Continuing the theme of listing the players who represented Everton from 1946-47, when the Football League resumed following World War Two, until !950-51 when Everton were relegated to the old Second Division.

Continuing the theme of listing the players who represented Everton from 1946-47, when the Football League resumed following World War Two, until !950-51 when Everton were relegated to the old Second Division.

Thomas Edwin Jones

Born 4 April 1930; Died 5 June 2010

Signed straight from school Tommy Jones was to spend 17 years as an Everton player, he had to wait six years before making his first team debut, and when it came he had to face Arsenal at Highbury.

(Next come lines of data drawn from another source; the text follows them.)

Lemma strip_system_unique (top t : Z) (F X : Z -> R) :
  strip_system top t F -> strip_system top t X -> forall j, F j = X j.
Proof.
  intros [HFout HFin] [HXout HXin] j.
  enough (Hdiff : forall i, F i - X i = 0) by (specialize (Hdiff j); lra).
  apply (strip_homogeneous_zero top t).
  - intros i Hi. rewrite HFout, HXout by exact Hi. ring.
  - intros i Hi. rewrite (HFin i Hi) at 1. rewrite (HXin i Hi) at 1.
    destruct (i =? t)%Z; ring.
Qed.

(* A solution Y on all of Z of the recurrence without boundary, with source
   z Y(-1) = 1 below level 0 and a boundary condition above level top matching
   the forbidden level, restricts to a solution of the transfer system. *)
Lemma strip_system_of_bulk (top t : Z) (Y : Z -> R) : (0 <= top)%Z ->
  (forall j, Y j = z * (Y (j + 1)%Z + Y (j - 1)%Z + Y j)) ->
  z * Y (-1)%Z = 1 ->
  ((t = top + 1)%Z /\ Y (top + 1)%Z = 0 \/ t = top /\ Y (top + 1)%Z + Y top = 0) ->
  strip_system top t (fun j => if ((0 <=? j) && (j <=? top))%Z then Y j else 0).
Proof.
  intros Htop Hbulk Hbottom Hceiling. split.
  - intros j Hj. destruct (Z.leb_spec 0 j), (Z.leb_spec j top); simpl; auto; lia.
  - intros j Hj. rewrite strip_test_true by exact Hj.
    assert (Hup : (if ((0 <=? j + 1) && (j + 1 <=? top))%Z then Y (j + 1)%Z else 0)
                  = if (j =? top)%Z then 0 else Y (j + 1)%Z).
    { destruct (Z.eqb_spec j top); [|rewrite strip_test_true by lia; reflexivity].
      destruct (Z.leb_spec (j + 1) top); [lia|]. now rewrite andb_false_r. }
    assert (Hdown : (if ((0 <=? j - 1) && (j - 1 <=? top))%Z then Y (j - 1)%Z else 0)
                    = if (j =? 0)%Z then 0 else Y (j - 1)%Z).
    { destruct (Z.eqb_spec j 0); [|rewrite strip_test_true by lia; reflexivity].
      now destruct (Z.leb_spec 0 (j - 1)); [lia|]. }
    rewrite Hup, Hdown. specialize (Hbulk j).
    set (up := if (j =? top)%Z then 0 else Y (j + 1)%Z).
    set (down := if (j =? 0)%Z then 0 else Y (j - 1)%Z).
    set (centre := if (j =? t)%Z then 0 else Y j).
    assert (Hsource : (if (j =? 0)%Z then 1 else 0) + z * down = z * Y (j - 1)%Z).
    { unfold down. destruct (Z.eqb_spec j 0) as [->|]; [|ring].
      rewrite Rmult_0_r, Rplus_0_r. symmetry. exact Hbottom. }
    assert (Hceil : up + centre = Y (j + 1)%Z + Y j).
    { unfold up, centre. destruct Hceiling as [[-> Hc]|[-> Hc]].
      - destruct (Z.eqb_spec j top), (Z.eqb_spec j (top + 1)); try lia; subst; lra.
      - destruct (Z.eqb_spec j top); subst; lra. }
    transitivity ((if (j =? 0)%Z then 1 else 0) + z * down + z * (up + centre)); [|ring].
    rewrite Hsource, Hceil. lra.
Qed.

(* For every root w of z (1 + w + w^2) = w, the combinations K (w^i - w^(E - i))
   solve the recurrence without boundary (w and 1/w are both roots). *)
Lemma bulk_solution (w K : R) (E j : Z) : 0 < w -> z * (1 + w + w ^ 2) = w ->
  let Y := fun i => K * (powerRZ w i - powerRZ w (E - i)) in
  Y j = z * (Y (j + 1)%Z + Y (j - 1)%Z + Y j).
Proof.
  intros Hw Hwz Y. unfold Y.
  replace (E - (j + 1))%Z with ((E - j) + -1)%Z by lia.
  replace (E - (j - 1))%Z with ((E - j) + 1)%Z by lia.
  replace (j - 1)%Z with (j + -1)%Z by lia.
  rewrite !powerRZ_add by lra.
  change (powerRZ w 1) with (w ^ 1). change (powerRZ w (-1)) with (/ w ^ 1).
  replace z with (w / (1 + w + w ^ 2)) by (field_simplify_eq; nra).
  field. split; nra.
Qed.

Lemma strip_gf_closed (top t : Z) (e : nat) : (0 <= top)%Z ->
  ((Z.of_nat e = 2 * top + 2 /\ t = top + 1) \/ (Z.of_nat e = 2 * top + 1 /\ t = top))%Z ->
  strip_gf top t 0 = (1 + v z + v z ^ 2) * (1 - v z ^ e) / (1 - v z ^ (e + 2)).
Proof.
  intros Htop He.
  destruct v_spec as [[Hv0 Hv1] Hvz]. revert Hv0 Hv1 Hvz. generalize (v z) as w.
  intros w Hv0 Hv1 Hvz.
  assert (Hz : z = w / (1 + w + w ^ 2)) by (field_simplify_eq; nra).
  assert (Hpow : w ^ (e + 2) < 1) by (apply pow_lt_1_compat; [lra|lia]).
  pose (K := (1 + w + w ^ 2) / (1 - w ^ (e + 2))).
  pose (Y := fun i => K * (powerRZ w i - powerRZ w (Z.of_nat e - i))).
  assert (Hbottom : z * Y (-1)%Z = 1).
  { unfold Y, K. replace (Z.of_nat e - -1)%Z with (Z.of_nat (e + 1)) by lia.
    rewrite <- pow_powerRZ. change (powerRZ w (-1)) with (/ w ^ 1).
    replace (e + 2)%nat with (S (e + 1)) in * by lia. simpl pow in *.
    rewrite Hz. field. repeat split; nra. }
  assert (Hceiling : ((t = top + 1)%Z /\ Y (top + 1)%Z = 0) \/
                     (t = top /\ Y (top + 1)%Z + Y top = 0)).
  { destruct He as [[He Ht]|[He Ht]]; [left|right]; split; auto; unfold Y.
    - replace (Z.of_nat e - (top + 1))%Z with (top + 1)%Z by lia. ring.
    - replace (Z.of_nat e - top)%Z with (top + 1)%Z by lia.
      replace (Z.of_nat e - (top + 1))%Z with top by lia. ring. }
  assert (Hbulk := bulk_solution w K (Z.of_nat e)).
  rewrite (strip_system_unique top t _ _ (strip_gf_system top t)
             (strip_system_of_bulk top t Y Htop (fun j => Hbulk j Hv0 Hvz) Hbottom Hceiling)).
  rewrite strip_test_true by lia.
  unfold Y, K. rewrite Z.sub_0_r, <- pow_powerRZ. simpl. field. lra.
Qed.

Definition height_gf (h : nat) : R := Series (fun n => INR (height_count h n) * z ^ n).

Lemma height_gf_correct (h : nat) :
  is_series (fun n => INR (height_count h n) * z ^ n) (height_gf h).
Proof. apply Series_correct, ex_series_count. Qed.

(* C_h is the difference of two strip generating functions, whence its closed
   form in terms of the alternating series. *)
Lemma height_gf_closed (h : nat) :
  height_gf h = (1 + v z + v z ^ 2) * (1 - / v z ^ 2) *
                (alt_term (v z) (2 * h + 1) + alt_term (v z) (2 * h + 2)).
Proof.
  rewrite <- height_term_identity by apply v_spec.
  assert (Hdiff : height_gf h =
            strip_gf (Z.of_nat h) (Z.of_nat h) 0 - strip_gf (Z.of_nat h - 1) (Z.of_nat h) 0).
  { unfold height_gf, strip_gf. rewrite <- Series_minus by apply ex_series_count.
    apply Series_ext. intro n. rewrite count_confined_split, plus_INR. ring. }
  rewrite Hdiff, (strip_gf_closed _ _ (2 * h + 1)) by lia.
  replace (2 * h + 1 + 2)%nat with (2 * h + 3)%nat by lia. f_equal.
  destruct h as [|h].
  - rewrite (proj1 (strip_gf_system _ _)) by lia. simpl. field.
    destruct v_spec as [[Hv0 Hv1] _]. nra.
  - rewrite (strip_gf_closed _ _ (2 * S h)) by lia. do 3 f_equal; lia.
Qed.

End GeneratingFunctions.

(* Main theorem: summing C_h over h, pairing the terms of the alternating series;
   the first term v / (1 - v) accounts for the correction (1 + v)(1 + v + v^2)/v. *)
Theorem mainTheorem5 (z : R) (hz0 : 0 < z) (hz1 : z < 1 / 3) :
  exists T : R,
    is_series (fun k : nat => (-1) ^ k * (v z) ^ (S k) / (1 - (v z) ^ (S k))) T /\
    is_series (fun n : nat => INR (b n) * z ^ n)
      ((1 + v z + (v z) ^ 2) * (1 - / (v z) ^ 2) * T
       + (1 + v z) * (1 + v z + (v z) ^ 2) / v z).
Proof.
  assert (hz : 0 < z < 1 / 3) by lra.
  destruct (v_spec z hz) as [Hv _].
  set (T := Series (alt_term (v z))).
  assert (HT : is_series (alt_term (v z)) T) by apply Series_correct, ex_series_alt_term, Hv.
  exists T. split; [exact HT|].
  assert (Hheights : is_series (height_gf z)
            ((1 + v z + v z ^ 2) * (1 - / v z ^ 2) * (T - alt_term (v z) 0))).
  { apply (is_series_ext (fun h => (1 + v z + v z ^ 2) * (1 - / v z ^ 2) *
                                   (alt_term (v z) (2 * h + 1) + alt_term (v z) (2 * h + 2)))).
    - intro h. symmetry. apply height_gf_closed, hz.
    - apply (@is_series_scal_l R_AbsRing R_NormedModule), is_series_pairs, HT. }
  replace ((1 + v z + v z ^ 2) * (1 - / v z ^ 2) * T + (1 + v z) * (1 + v z + v z ^ 2) / v z)
    with ((1 + v z + v z ^ 2) * (1 - / v z ^ 2) * (T - alt_term (v z) 0))
    by (unfold alt_term; simpl; field; lra).
  apply (is_series_by_rows (fun h n => INR (height_count h n) * z ^ n) (height_gf z)).
  - intros h n. apply Rmult_le_pos; [apply pos_INR | apply pow_le; lra].
  - intro h. apply height_gf_correct, hz.
  - exact Hheights.
  - intros n N HnN. rewrite (b_as_height_sum n N HnN), <- scal_sum. apply Rmult_comm.
Qed.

As if following his namesake TG Jones wasn't bad enough, he was part of the team that was relegated to the Second Division for only the second time, at the end of his first season.

Some publications state that he was known to fans as T E Jones, but I would challenge that statement, because I don't know any Everton supporter who called him anything but Tommy, I believe it was after his legendary predecessor T G Jones had left the club, that sports writers referred to him as T E to avoid confusion.

Tommy Jones was Everton's first choice centre-half throughout the 1950s, initially a full-back he developed into an outstanding cool, calculated defender, a stopper of the highest quality.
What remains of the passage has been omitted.